The main yard is 295mm long and made from a 8mm dowel. The central section of 76mm is octagonal in shape. The yard is then tapered down to 3.5mm over the remaining 105.5mm per side. For simplicity I plan to taper only the last 100mm per side, i.e. 8mm down to 6.9mm for the first 25mm then from 6.9mm down to 5.8mm over the next 25mm, down to 4.7 over the next 25mm and finally down to 3.5mm over the final 25mm.
Up and till now I have been using my proxxon mini lathe with 80 to 120 grit sandpaper to add the tapers. This does produce the desired results but can be quite time consuming, especially when tapering a 8mm dowel down to 3.5mm. I have been contemplating buying some proper wood turning tools for some time as I believe I can achieve much better results and should also speed the process up somewhat.

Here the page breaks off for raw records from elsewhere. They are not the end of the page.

#[local] Hint Resolve radius_ge_1_one : radius_ge_1.

Lemma CPSeries_one (w : C) : Cmod w < 1 -> CPSeries CPS_one w = 1%C.
Proof.
  intros Hw. rewrite CPSeries_decr_1 by auto with radius_ge_1.
  rewrite (CPSeries_ext _ (fun n => 0 * CPS_one n)%C) by (intros n; simpl; ring).
  rewrite CPSeries_scal by auto with radius_ge_1. simpl. ring.
Qed.

(* The Taylor coefficients of k_a, read off from (1 - z^2) k_a' = 1 + 2 a k_a and k_a(0) = 0. *)
Fixpoint k_coef (a : R) (n : nat) : R :=
  match n with
  | O => 0
  | S O => 1
  | S ((S m) as k) => (INR m * k_coef a m + 2 * a * k_coef a k) / (INR m + 2)
  end.

Definition k_coefC (a : R) (n : nat) : C := RtoC (k_coef a n).

Lemma k_coef_SS (a : R) (m : nat) :
  k_coef a (S (S m)) = (INR m * k_coef a m + 2 * a * k_coef a (S m)) / (INR m + 2).
Proof. reflexivity. Qed.

Lemma radius_ge_1_k_coef (a : R) : radius_ge_1 (k_coefC a).
Proof.
  apply (radius_ge_1_of_rec _ (2 * Rabs a)); [pose proof (Rabs_pos a); lra|].
  intros m. rewrite k_coef_SS.
  assert (Hm := pos_INR m).
  unfold Rdiv. rewrite Rabs_mult, (Rabs_pos_eq (/ _)) by (left; apply Rinv_0_lt_compat; lra).
  rewrite Rmult_assoc, Rinv_l, Rmult_1_r by lra.
  eapply Rle_trans; [apply Rabs_triang|].
  rewrite !Rabs_mult, (Rabs_pos_eq (INR m)), (Rabs_pos_eq 2) by lra. lra.
Qed.

#[local] Hint Resolve radius_ge_1_k_coef : radius_ge_1.

Lemma k_coef_ode (a : R) (w : C) : Cmod w < 1 ->
  ((1 - w * w) * CPSeries (CPS_derive (k_coefC a)) w)%C
  = (1 + RtoC (2 * a) * CPSeries (k_coefC a) w)%C.
Proof.
  intros Hw. set (d := CPS_derive (k_coefC a)).
  transitivity (CPSeries (fun n => d n + -1 * CPS_incr_1 (CPS_incr_1 d) n)%C w).
  { rewrite CPSeries_plus, CPSeries_scal, !CPSeries_incr_1 by (unfold d; auto with radius_ge_1).
    ring. }
  transitivity (CPSeries (fun n => CPS_one n + RtoC (2 * a) * k_coefC a n)%C w).
  2: { rewrite CPSeries_plus, CPSeries_scal, CPSeries_one by auto with radius_ge_1.
       reflexivity. }
  apply CPSeries_ext. unfold d, CPS_derive, k_coefC.
  intros [|[|m]]; cbn [CPS_incr_1 CPS_one].
  - simpl. ring.
  - rewrite k_coef_SS. simpl k_coef. simpl INR.
    apply injective_projections; simpl; field.
  - rewrite (k_coef_SS a (S m)), !S_INR.
    assert (0 <= INR m) by apply pos_INR.
    apply injective_projections; cbn -[k_coef INR]; field; lra.
Qed.

Lemma ln_sqrt (u : R) : 0 < u -> ln (sqrt u) = ln u / 2.
Proof.
  intros Hu. assert (Hs : 0 < sqrt u) by (apply sqrt_lt_R0; exact Hu).
  assert (E : ln u = ln (sqrt u) + ln (sqrt u)) by (rewrite <- ln_mult, sqrt_sqrt; lra).
  lra.
Qed.

Definition cayley (w : C) : C := ((1 + w) / (1 - w))%C.

(* Np = |1 + t z|^2, Nm = |1 - t z|^2 and Dz = 1 - |t z|^2. *)
Definition Np (z : C) (t : R) : R := (1 + t * Re z) ^ 2 + (t * Im z) ^ 2.
Definition Nm (z : C) (t : R) : R := (1 - t * Re z) ^ 2 + (t * Im z) ^ 2.
Definition Dz (z : C) (t : R) : R := 1 - t ^ 2 * (Re z ^ 2 + Im z ^ 2).

(* The derivative of t |-> Log (cayley (t z)), that is 2 z / (1 - t^2 z^2). *)
Definition log_cayley_deriv (z : C) (t : R) : C :=
  (2 * Re z * Dz z t / (Np z t * Nm z t),
   2 * Im z * (1 + t ^ 2 * (Re z ^ 2 + Im z ^ 2)) / (Np z t * Nm z t)).

Section Cayley_ray.

Variable z : C.

Lemma ray_sq_pos (t : R) : Cmod (t * z) < 1 -> 0 < Np z t /\ 0 < Nm z t /\ 0 < Dz z t.
Proof.
  intros H.
  assert (Hr := Cmod_ge_0 (t * z)). set (rho := Cmod (t * z)) in *.
  set (x := t * Re z). set (y := t * Im z).
  assert (E : x ^ 2 + y ^ 2 = rho ^ 2)
    by (unfold rho, x, y; rewrite Cmod2_alt; unfold Re, Im; simpl; ring).
  assert (Hx : - rho <= x <= rho) by (split; nra).
  unfold Np, Nm, Dz. fold x y.
  replace (t ^ 2 * (Re z ^ 2 + Im z ^ 2)) with (x ^ 2 + y ^ 2) by (unfold x, y; ring).
  repeat split; nra.
Qed.

Lemma Re_cayley_ray (t : R) : Cmod (t * z) < 1 -> Re (cayley (t * z)) = Dz z t / Nm z t.
Proof.
  intros H. destruct (ray_sq_pos t H) as [_ [H2 _]].
  unfold cayley, Dz, Nm in *. unfold Re, Im in *. simpl. field. lra.
Qed.

Lemma Im_cayley_ray (t : R) : Cmod (t * z) < 1 -> Im (cayley (t * z)) = 2 * t * Im z / Nm z t.
Proof.
  intros H. destruct (ray_sq_pos t H) as [_ [H2 _]].
  unfold cayley, Nm in *. unfold Re, Im in *. simpl. field. lra.
Qed.

Lemma ln_Cmod_cayley_ray (t : R) : Cmod (t * z) < 1 ->
  ln (Cmod (cayley (t * z))) = (ln (Np z t) - ln (Nm z t)) / 2.
Proof.
  intros H. destruct (ray_sq_pos t H) as [H1 [H2 H3]].
  unfold Cmod at 1. change (fst ?w) with (Re w). change (snd ?w) with (Im w).
  rewrite Re_cayley_ray, Im_cayley_ray by exact H.
  replace ((Dz z t / Nm z t) ^ 2 + (2 * t * Im z / Nm z t) ^ 2) with (Np z t / Nm z t)
    by (unfold Np, Nm, Dz in *; field; lra).
  rewrite ln_sqrt, ln_div by (try apply Rdiv_lt_0_compat; assumption). lra.
Qed.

As I have £75 of unused Amazon vouchers I decided to bit the bullet so today I purchased a set of proxxon tools for turning (27023). The set comprises a 3mm spindle gouge, 6.5mm square and round end scrapers, 6.5mm skew chisel and a parting tool with a blade with of 2.3mm. These are being shipped to the UK from mainland Europe so will take a few days to arrive. I will use these tools to shape the remaining yards for the Sphinx. I do have some spare material available to experiment with the tools before I start work on the tapering the actual yards.

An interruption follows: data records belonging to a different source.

(* Flipping the signs of one colour class
   makes the off-diagonal entries of a nonnegative [A] in [P_G] nonpositive, so
   [f[A]] is PSD as soon as its entries are dominated, diagonal from below and
   off-diagonal in absolute value, by those of a diagonal rescaling of [A].  For
   [alpha >= 1] the rescaling is [A i i ^ ((alpha - 1) / 2)], thanks to the 2x2
   minors [A i j ^ 2 <= A i i * A j j].  For [alpha >= 2] and entries of any sign,
   one compares instead with [c i j = A i j ^ 2 / (A i i * A j j)]: the neighbours
   of a vertex are pairwise non-adjacent, so a Schur complement bounds every row
   sum of [c] by [1], and the matrix [1 - c] is diagonally dominant.  Exponents
   below [1] (below [2] for [phi]) are excluded by embedding a 3x3 test matrix on
   a path [a - b - c], which every connected graph on three or more vertices
   contains (a signed 4-cycle on a copy of [K_{2,2}]). *)

From HB Require Import structures.
From mathcomp Require Import all_boot all_order all_algebra.
From mathcomp Require Import all_classical all_reals.
From mathcomp Require Import exp.
From mathcomp Require Import ring lra.
Set Implicit Arguments. Unset Strict Implicit. Unset Printing Implicit Defensive.
Import Order.TTheory GRing.Theory Num.Theory.
Local Open Scope ring_scope.
Local Open Scope classical_set_scope.

Section QuadraticForms.
Variable R : realType.

Definition qf n (A : 'M[R]_n) (w : 'I_n -> R) := \sum_i \sum_j w i * A i j * w j.

Lemma qf_mx n (A : 'M[R]_n) (v : 'cV[R]_n) :
  (v^T *m A *m v) 0 0 = qf A (fun i => v i 0).
Proof.
rewrite mxE /qf; under eq_bigr do rewrite mxE big_distrl /=.
rewrite exchange_big; apply: eq_bigr => i _; apply: eq_bigr => j _.
by rewrite !mxE.
Qed.

Lemma psd_qf n (A : 'M[R]_n) : psd A <-> A^T = A /\ forall w, 0 <= qf A w.
Proof.
split => [[hs hq]|[hs hq]]; split => //; last by move=> v; rewrite qf_mx.
by move=> w; have := hq (\col_i w i); rewrite qf_mx; under eq_fun do rewrite mxE.
Qed.

Lemma psd_congr m k (P : 'M[R]_(m, k)) (M : 'M[R]_m) : psd M -> psd (P^T *m M *m P).
Proof.
case=> sym pos; split; first by rewrite !trmx_mul trmxK sym mulmxA.
by move=> v; have := pos (P *m v); rewrite trmx_mul !mulmxA.
Qed.

Lemma psd_mxsub k n (q : 'I_k -> 'I_n) (A : 'M[R]_n) : psd A -> psd (mxsub q q A).
Proof.
have -> : mxsub q q A = (colsub q 1%:M)^T *m A *m colsub q 1%:M.
  by rewrite trmx_mxsub trmx1 -rowsubE -mxsub_mul mulmx1.
exact: psd_congr.
Qed.

Lemma binary_form_ge0 (a b c : R) :
  (forall x y, 0 <= x * x * a + 2 * x * y * c + y * y * b) -> 0 <= a /\ c ^+ 2 <= a * b.
Proof.
move=> H; have a0 : 0 <= a by have := H 1 0; lra.
split => //; case: (ltrgt0P a) a0 => // [ap|az] _.
  have := H (- c) a.
  have -> : - c * - c * a + 2 * - c * a * c + a * a * b = a * (a * b - c ^+ 2) by ring.
  by rewrite pmulr_rge0 // subr_ge0.
rewrite az mul0r; case: (eqVneq c 0) => [->|cn]; first by rewrite expr0n.
have := H (- (b + 1) / (2 * c)) 1.
have -> : - (b + 1) / (2 * c) * (- (b + 1) / (2 * c)) * a
    + 2 * (- (b + 1) / (2 * c)) * 1 * c + 1 * 1 * b = -1 by rewrite az; field.
lra.
Qed.

Lemma psd2_minors (N : 'M[R]_2) : psd N -> 0 <= N 0 0 /\ N 0 1 ^+ 2 <= N 0 0 * N 1 1.
Proof.
move=> /psd_qf[sym pos]; apply: binary_form_ge0 => x y.
have := pos (fun i => if i == 0 then x else y).
have N10 : N 1 0 = N 0 1 by rewrite -[in LHS]sym mxE.
have e0 : widen_ord (leqnSn 1) ord_max = 0 :> 'I_2 by apply: val_inj.
have e1 : ord_max = 1 :> 'I_2 by apply: val_inj.
rewrite /qf !big_ord_recr !big_ord0 /= e0 e1 N10; lra.
Qed.
End QuadraticForms.

Section PsdEntries.
Variables (R : realType) (n : nat) (A : 'M[R]_n).
Hypothesis hA : psd A.

Lemma psd_entry_sym i j : A j i = A i j.
Proof. by case: hA => sym _; rewrite -[in RHS]sym mxE. Qed.

Lemma psd_diag_ge0 i : 0 <= A i i.
Proof. by have [] := psd2_minors (psd_mxsub (fun _ : 'I_2 => i) hA); rewrite mxE. Qed.

Lemma psd_entry_sqr_le i j : A i j ^+ 2 <= A i i * A j j.
Proof.
by have [_] := psd2_minors (psd_mxsub (fun a : 'I_2 => if a == 0 then i else j) hA); rewrite !mxE.
Qed.

End PsdEntries.

Section Embedding.
Variables (R : realType) (k n : nat) (p : 'I_k -> 'I_n).
Implicit Types M : 'M[R]_k.

Definition embed_mx (M : 'M[R]_k) : 'M[R]_n := (rowsub p 1%:M)^T *m M *m rowsub p 1%:M.

Lemma embed_mxE M i j :
  embed_mx M i j = \sum_b \sum_a (p a == i)%:R * M a b * (p b == j)%:R.
Proof.
rewrite !mxE; apply: eq_bigr => b _; rewrite !mxE big_distrl.
by under eq_bigr do rewrite !mxE.
Qed.

Lemma psd_embed M : psd M -> psd (embed_mx M).
Proof. exact: psd_congr. Qed.

Lemma embed_mxK M : injective p -> mxsub p p (embed_mx M) = M.
Proof.
move=> pinj; have subp1 : mxsub p p 1%:M = 1%:M :> 'M[R]_k.
  by apply/matrixP => a b; rewrite !mxE (inj_eq pinj).
by rewrite mxsub_mul -mul_rowsub_mx trmx_mxsub trmx1 -mxsubrc -mxsubcr subp1 mul1mx mulmx1.
Qed.

Lemma embed_not_psd (f : R -> R) M :
  injective p -> ~ psd (map_mx f M) -> ~ psd (map_mx f (embed_mx M)).
Proof. by move=> pinj nM /(psd_mxsub p); rewrite -map_mxsub embed_mxK. Qed.

Lemma embed_mx_ge0 M : (forall a b, 0 <= M a b) -> forall i j, 0 <= embed_mx M i j.
Proof.
move=> M0 i j; rewrite embed_mxE; apply: sumr_ge0 => b _; apply: sumr_ge0 => a _.
by rewrite !mulr_ge0 ?ler0n.
Qed.

Lemma embed_mx_pattern (e : rel 'I_n) M :
  (forall a b, a != b -> ~~ e (p a) (p b) -> M a b = 0) ->
  forall i j, i != j -> ~~ e i j -> embed_mx M i j = 0.
Proof.
move=> Me i j ij nij; rewrite embed_mxE big1 // => b _; rewrite big1 // => a _.
have [ai|_] := eqVneq (p a) i; last by rewrite !mul0r.
have [bj|_] := eqVneq (p b) j; last by rewrite mulr0.
rewrite Me ?mulr0 ?mul0r ?ai ?bj //.
by apply: contraNneq ij => ab; rewrite -ai -bj ab.
Qed.

End Embedding.

Section OffDiagonal.
Variables (R : realType) (n : nat).
Implicit Types (B : 'M[R]_n) (w x : 'I_n -> R).

Lemma qf_split B w :
  qf B w = \sum_i B i i * w i ^+ 2 + \sum_i \sum_(j | j != i) w i * B i j * w j.
Proof.
rewrite /qf -big_split /=; apply: eq_bigr => i _.
by rewrite (bigD1 i) //=; congr (_ + _); ring.
Qed.

Lemma qf_ge_diag_sub_abs B w :
  \sum_i B i i * w i ^+ 2 - \sum_i \sum_(j | j != i) `|B i j| * (`|w i| * `|w j|)
  <= qf B w.
Proof.
rewrite qf_split lerD2l -sumrN; apply: ler_sum => i _; rewrite -sumrN.
apply: ler_sum => j _; apply: lerNnormlW.
by rewrite !normrM mulrAC mulrC.
Qed.

Lemma offdiag_sum_swap (F : 'I_n -> 'I_n -> R) :
  \sum_i \sum_(j | j != i) F i j = \sum_i \sum_(j | j != i) F j i.
Proof.
rewrite (exchange_big_dep xpredT) //=; apply: eq_bigr => i _.
by apply: eq_bigl => j; rewrite eq_sym.
Qed.

Lemma offdiag_le_sumsq (c : 'I_n -> 'I_n -> R) x :
  (forall i j, c i j = c j i) -> (forall i j, 0 <= c i j) ->
  (forall i, \sum_(j | j != i) c i j <= 1) ->
  \sum_i \sum_(j | j != i) c i j * (`|x i| * `|x j|) <= \sum_i x i ^+ 2.
Proof.
move=> c_sym c_ge0 c_row.
have amgm i j : `|x i| * `|x j| <= (x i ^+ 2 + x j ^+ 2) / 2.
  rewrite -(real_normK (num_real (x i))) -(real_normK (num_real (x j))).
  by rewrite ler_pdivlMr //; have := sqr_ge0 (`|x i| - `|x j|); nra.
apply: le_trans (_ : \sum_i \sum_(j | j != i) c i j * ((x i ^+ 2 + x j ^+ 2) / 2) <= _).
  by apply: ler_sum => i _; apply: ler_sum => j _; apply: ler_wpM2l.
have swap : \sum_i \sum_(j | j != i) c i j * x j ^+ 2 =
            \sum_i \sum_(j | j != i) c i j * x i ^+ 2.
  by rewrite offdiag_sum_swap; apply: eq_bigr => i _; apply: eq_bigr => j _; rewrite c_sym.
have -> : \sum_i \sum_(j | j != i) c i j * ((x i ^+ 2 + x j ^+ 2) / 2) =
          \sum_i \sum_(j | j != i) c i j * x i ^+ 2.
  transitivity ((\sum_i \sum_(j | j != i) c i j * x i ^+ 2 +
                 \sum_i \sum_(j | j != i) c i j * x j ^+ 2) / 2); last by rewrite swap; field.
  rewrite -big_split big_distrl; apply: eq_bigr => i _ /=.
  by rewrite -big_split big_distrl; apply: eq_bigr => j _ /=; ring.
apply: ler_sum => i _; rewrite -big_distrl /= -[leRHS]mul1r.
by apply: ler_wpM2r; [exact: sqr_ge0 | exact: c_row].
Qed.

End OffDiagonal.

Section Bipartite.
Variables (R : realType) (n : nat) (s : 'I_n -> bool).
Implicit Types (A B : 'M[R]_n).

Definition bipartite_mx A := forall i j, i != j -> s i = s j -> A i j = 0.

Lemma bipartite_mx_side A i j : bipartite_mx A -> i != j -> A i j != 0 -> s i != s j.
Proof. by move=> hA ij; apply: contraNneq => /(hA _ _ ij) ->. Qed.

Lemma qf_sign_flip A x : bipartite_mx A ->
  qf A (fun i => (-1) ^+ s i * x i) =
  \sum_i A i i * x i ^+ 2 - \sum_i \sum_(j | j != i) A i j * (x i * x j).
Proof.
move=> hA; rewrite qf_split -sumrN; congr (_ + _).
  by apply: eq_bigr => i _; rewrite exprMn sqrr_sign mul1r.
apply: eq_bigr => i _; rewrite -sumrN; apply: eq_bigr => j ji.
have [->|Aij] := eqVneq (A i j) 0; first by rewrite !(mulr0, mul0r) oppr0.
have ij : i != j by rewrite eq_sym.
have sij : (-1) ^+ s i * (-1) ^+ s j = -1 :> R.
  by move: (bipartite_mx_side hA ij Aij); rewrite -signr_addb; case: (s i); case: (s j).
move: sij; set a := (-1) ^+ s i; set b := (-1) ^+ s j => sij.
by transitivity (a * b * (A i j * (x i * x j))); [ring | rewrite sij mulN1r].
Qed.

Lemma bipartite_psd_dominated A B (p : 'I_n -> R) :
  psd A -> bipartite_mx A -> B^T = B ->
  (forall i, A i i * p i ^+ 2 <= B i i) ->
  (forall i j, i != j -> `|B i j| <= A i j * (p i * p j)) -> psd B.
Proof.
move=> hA hAs Bsym hdiag hoff; apply/psd_qf; split => // w.
apply: le_trans (qf_ge_diag_sub_abs B w).
have [_ /(_ (fun i => (-1) ^+ s i * (p i * `|w i|)))] := (psd_qf A).1 hA.
rewrite qf_sign_flip // => /le_trans; apply; apply: lerB.
  apply: ler_sum => i _; rewrite exprMn real_normK ?num_real // mulrA.
  by apply: ler_wpM2r; [exact: sqr_ge0 | exact: hdiag].
apply: ler_sum => i _; apply: ler_sum => j ji.
rewrite [in leRHS]mulrACA [leRHS]mulrA; apply: ler_wpM2r; first by rewrite mulr_ge0.
by apply: hoff; rewrite eq_sym.
Qed.

(* The test vector [v] is chosen so that [(A v) k = 0] for every [k != i]: the
   neighbours of [i] all lie on the other side and are pairwise non-adjacent. *)
Lemma bipartite_row_bound A i : psd A -> bipartite_mx A ->
  \sum_(j | j != i) A i j ^+ 2 / A j j <= A i i.
Proof.
move=> hA hAs; pose v k := if k == i then 1 else - (A i k / A k k).
have Av0 k : k != i -> v k * \sum_l A k l * v l = 0.
  move=> ki; rewrite /v (negbTE ki).
  have [->|Aik] := eqVneq (A i k) 0; first by rewrite mul0r oppr0 mul0r.
  have Akk : A k k != 0.
    apply: contraNneq Aik => Akk0; rewrite -sqrf_eq0 eq_le sqr_ge0 andbT.
    by have := psd_entry_sqr_le hA i k; rewrite Akk0 mulr0.
  suff -> : \sum_l A k l * v l = 0 by rewrite mulr0.
  rewrite (bigD1 i) //= /v eqxx mulr1 (bigD1 k) //= (negbTE ki) big1 ?addr0.
    by rewrite (psd_entry_sym hA k i) mulrN mulrCA mulfV // mulr1 subrr.
  move=> l /andP [li lk]; rewrite (negbTE li).
  have [->|Ail] := eqVneq (A i l) 0; first by rewrite mul0r oppr0 mulr0.
  suff -> : A k l = 0 by rewrite mul0r.
  have sk : s i != s k by apply: (bipartite_mx_side hAs) => //; rewrite eq_sym.
  have sl : s i != s l by apply: (bipartite_mx_side hAs) => //; rewrite eq_sym.
  apply: (hAs); first by rewrite eq_sym.
  by move: sk sl; case: (s i); case: (s k); case: (s l).
have [_ /(_ v)] := (psd_qf A).1 hA.
have -> : qf A v = \sum_k v k * \sum_l A k l * v l.
  by apply: eq_bigr => k _; rewrite big_distrr; apply: eq_bigr => l _; exact/esym/mulrA.
rewrite (bigD1 i) //= [X in _ + X]big1 ?addr0; last exact: Av0.
rewrite (bigD1 i) //=.
have -> : \sum_(l | l != i) A i l * v l = - \sum_(j | j != i) A i j ^+ 2 / A j j.
  by rewrite -sumrN; apply: eq_bigr => l li; rewrite /v (negbTE li) mulrN expr2 mulrA.
by rewrite /v eqxx mul1r mulr1 subr_ge0.
Qed.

While I wait for the delivery I have been pondering what I can do. There are a couple of techniques I wish to get better, such as securing a free thread end to a belaying pin. Currently I have 6 free ends which require belaying which I would like to get done ASAP. I plan to construct a test bitt rack complete with some belaying pins and I can then spend some time trying to perfect the method before I belay the free thread ends on the Sphinx.
With my previous builds with crows feet I have never been able to get the final knot tight under the platform and have resorted to using ca gel to hold the thread in place. As I have some spare platforms left over from my aborted V1 build I will try work out a method to pull the final knot tight. I am not sure if there is a special knot I need other than a standard half hitch.
I am also tempted to fit the fore topmast and to then rig the shrouds and ratlines.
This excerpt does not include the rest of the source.